**Records:**
++++++++++

Lemma prRU {A B} : measurable A -> measurable B -> prR (A `|` B) <= prR A + prR B.
Proof.
move=> mA mB; rewrite -lee_fin EFinD -!prRE ?measureU2 //.
exact: measurableU.
Qed.

Lemma prR_bigsetU {n} {E : 'I_n -> set T} : (forall i, measurable (E i)) ->
  prR (\big[setU/set0]_(i < n) E i) <= \sum_(i < n) prR (E i).
Proof.
move=> mE.
suff [] : measurable (\big[setU/set0]_(i < n) E i) /\
          prR (\big[setU/set0]_(i < n) E i) <= \sum_(i < n) prR (E i) by [].
apply: (big_ind2 (fun A s => measurable A /\ prR A <= s)) => //.
- by rewrite /prR measure0.
- move=> A s B s' [mA As] [mB Bs']; split; first exact: measurableU.
  by rewrite (le_trans (prRU mA mB)) ?lerD.
Qed.

End RealProbability.

Section MixedCdfLowerBound.
Context {d : measure_display} {T : measurableType d} {R : realType}.
Context {n : nat}.
Variables (P : probability T R) (g : 'I_n -> T -> R).
Hypothesis mg : forall t, measurable_fun setT (g t).
Variables (k : R) (b : 'I_n -> R).
Hypotheses (k_ge1 : 1 <= k) (b_gt0 : forall t, 0 < b t).

Let below (u : 'I_n -> R) := [set x | forall t, g t x <= u t].
Let above (u : 'I_n -> R) := [set x | forall t, u t <= g t x].
Let bump (t : 'I_n) (a : R) (s : 'I_n) := if s == t then a else b s.

Let measurable_below u : measurable (below u).
Proof. by apply: measurable_forall_le => // t; exact: measurable_cst. Qed.

Let measurable_above u : measurable (above u).
Proof. by apply: measurable_forall_le => // t; exact: measurable_cst. Qed.

(* Outside [above z], a point either exceeds [b], or lies below [0], or drops
   under [w t] in one coordinate [t] while staying below [b] in the others. *)
Lemma union_bound_above {z w : 'I_n -> R} :
  (forall t, z t <= w t) -> (forall t, 0 <= w t) ->
  1 <= prR P (above z) + prR P (~` below b) + prR P (below (fun=> 0)) +
       \sum_(t < n) (prR P (below (bump t (w t))) - prR P (below (fun=> 0))).
Proof.
move=> zw w_ge0; set B := below (fun=> 0).
have B_bump t : B `<=` below (bump t (w t)).
  move=> x Bx s; rewrite /bump; case: eqP => [->|_].
    exact: le_trans (Bx t) (w_ge0 t).
  exact: le_trans (Bx s) (ltW (b_gt0 s)).
have cover : [set: T] `<=` above z `|` ~` below b `|` B `|`
    \big[setU/set0]_(t < n) (below (bump t (w t)) `\` B).
  move=> x _; have [|zx] := pselect (above z x); first by do 3 left.
  have [xb|] := pselect (below b x); last by do 2 left; right.
  have [|xB] := pselect (B x); first by left; right.
  right; have [t /negP] : exists t, ~ (z t <= g t x).
    by apply/existsNP => all_le; apply: zx => t; apply: all_le.
  rewrite -ltNge => gz.
  rewrite (bigD1 t) //=; left; split=> // s; rewrite /bump.
  by case: eqP => [->|_]; [exact: ltW (lt_le_trans gz (zw t)) | exact: xb].
have mA := measurable_above z; have mB := measurable_below (fun=> 0).
have mGc : measurable (~` below b) by exact/measurableC/measurable_below.
have mD t : measurable (below (bump t (w t)) `\` B) by exact: measurableD.
have mU : measurable (\big[setU/set0]_(t < n) (below (bump t (w t)) `\` B)).
  by apply: bigsetU_measurable => t _; exact: mD.
have mAG := measurableU _ _ mA mGc; have mAGB := measurableU _ _ mAG mB.
rewrite -(prR_setT P); apply: le_trans (le_prR P measurableT _ cover) _.
  exact: measurableU.
apply: le_trans (prRU P mAGB mU) _; rewrite lerD //.
  by apply: le_trans (prRU P mAG mB) _; rewrite lerD2r prRU.
apply: le_trans (prR_bigsetU P mD) _; apply: ler_sum => t _.
by rewrite (prRD P mB).
Qed.

Hypothesis cdfE : forall u, (forall t, 0 <= u t) ->
  prR P (below u) =
  1 - k^-1 + k^-1 * \big[Order.min/1]_(t < n) Order.min (u t / b t) 1.

Lemma prR_above_ge (z : 'I_n -> R) :
  k^-1 - k^-1 * \sum_(t < n) Num.max (z t) 0 / b t <= prR P (above z).
Proof.
have k_gt0 : 0 < k^-1 by rewrite invr_gt0 (lt_le_trans ltr01).
have [n0|n_gt0] := posnP n.
  have no_ord (t : 'I_n) : False by case: t => m; rewrite n0.
  have -> : above z = setT by apply/seteqP; split=> // x _ t; case: (no_ord t).
  rewrite prR_setT big1 => [|t]; last by case: (no_ord t).
  by rewrite mulr0 subr0 invf_le1 // (lt_le_trans ltr01).
have bigmin_cst (a : R) : a <= 1 -> \big[Order.min/1]_(t < n) a = a.
  move=> a_le1; apply/le_anti.
  by rewrite (bigmin_le _ (Ordinal n_gt0) (fun=> a)) /= le_bigmin.
set w := fun t => Num.max (z t) 0.
have w_ge0 t : 0 <= w t by rewrite le_max lexx orbT.
have below_b : prR P (below b) = 1.
  rewrite cdfE => [|t]; last exact: ltW.
  under eq_bigr => t _ do rewrite divff ?(gt_eqF (b_gt0 t)) // minxx.
  by rewrite bigmin_cst // mulr1 subrK.
have below_0 : prR P (below (fun=> 0)) = 1 - k^-1.
  rewrite cdfE // (eq_bigr (fun=> 0)) => [|t _]; last by rewrite mul0r min_l.
  by rewrite bigmin_cst // mulr0 addr0.
have below_bump t :
    prR P (below (bump t (w t))) <= 1 - k^-1 + k^-1 * (w t / b t).
  rewrite cdfE => [|s]; last first.
    by rewrite /bump; case: eqP => _; [exact: w_ge0|exact: ltW].
  rewrite lerD2l; apply: ler_wpM2l; first exact: ltW.
  by apply: le_trans (bigmin_le _ t _) _; rewrite /bump eqxx ge_min lexx.
have z_le_w t : z t <= w t by rewrite le_max lexx.
have := union_bound_above z_le_w w_ge0.
rewrite prRC ?below_b ?below_0 ?subrr ?addr0; last exact: measurable_below.
have : \sum_(t < n) (prR P (below (bump t (w t))) - (1 - k^-1)) <=
       k^-1 * \sum_(t < n) w t / b t.
  by rewrite mulr_sumr; apply: ler_sum => t _; have := below_bump t; lra.
lra.
Qed.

++++++++++

**Work task:** Looking at the entries above, can you reproduce exactly the lines from the one that holds "Variables (P : probability" through the one that holds "have mD t : measurable", and only those?

**Exercise solution:**
Variables (P : probability T R) (g : 'I_n -> T -> R).
Hypothesis mg : forall t, measurable_fun setT (g t).
Variables (k : R) (b : 'I_n -> R).
Hypotheses (k_ge1 : 1 <= k) (b_gt0 : forall t, 0 < b t).

Let below (u : 'I_n -> R) := [set x | forall t, g t x <= u t].
Let above (u : 'I_n -> R) := [set x | forall t, u t <= g t x].
Let bump (t : 'I_n) (a : R) (s : 'I_n) := if s == t then a else b s.

Let measurable_below u : measurable (below u).
Proof. by apply: measurable_forall_le => // t; exact: measurable_cst. Qed.

Let measurable_above u : measurable (above u).
Proof. by apply: measurable_forall_le => // t; exact: measurable_cst. Qed.

(* Outside [above z], a point either exceeds [b], or lies below [0], or drops
   under [w t] in one coordinate [t] while staying below [b] in the others. *)
Lemma union_bound_above {z w : 'I_n -> R} :
  (forall t, z t <= w t) -> (forall t, 0 <= w t) ->
  1 <= prR P (above z) + prR P (~` below b) + prR P (below (fun=> 0)) +
       \sum_(t < n) (prR P (below (bump t (w t))) - prR P (below (fun=> 0))).
Proof.
move=> zw w_ge0; set B := below (fun=> 0).
have B_bump t : B `<=` below (bump t (w t)).
  move=> x Bx s; rewrite /bump; case: eqP => [->|_].
    exact: le_trans (Bx t) (w_ge0 t).
  exact: le_trans (Bx s) (ltW (b_gt0 s)).
have cover : [set: T] `<=` above z `|` ~` below b `|` B `|`
    \big[setU/set0]_(t < n) (below (bump t (w t)) `\` B).
  move=> x _; have [|zx] := pselect (above z x); first by do 3 left.
  have [xb|] := pselect (below b x); last by do 2 left; right.
  have [|xB] := pselect (B x); first by left; right.
  right; have [t /negP] : exists t, ~ (z t <= g t x).
    by apply/existsNP => all_le; apply: zx => t; apply: all_le.
  rewrite -ltNge => gz.
  rewrite (bigD1 t) //=; left; split=> // s; rewrite /bump.
  by case: eqP => [->|_]; [exact: ltW (lt_le_trans gz (zw t)) | exact: xb].
have mA := measurable_above z; have mB := measurable_below (fun=> 0).
have mGc : measurable (~` below b) by exact/measurableC/measurable_below.
have mD t : measurable (below (bump t (w t)) `\` B) by exact: measurableD.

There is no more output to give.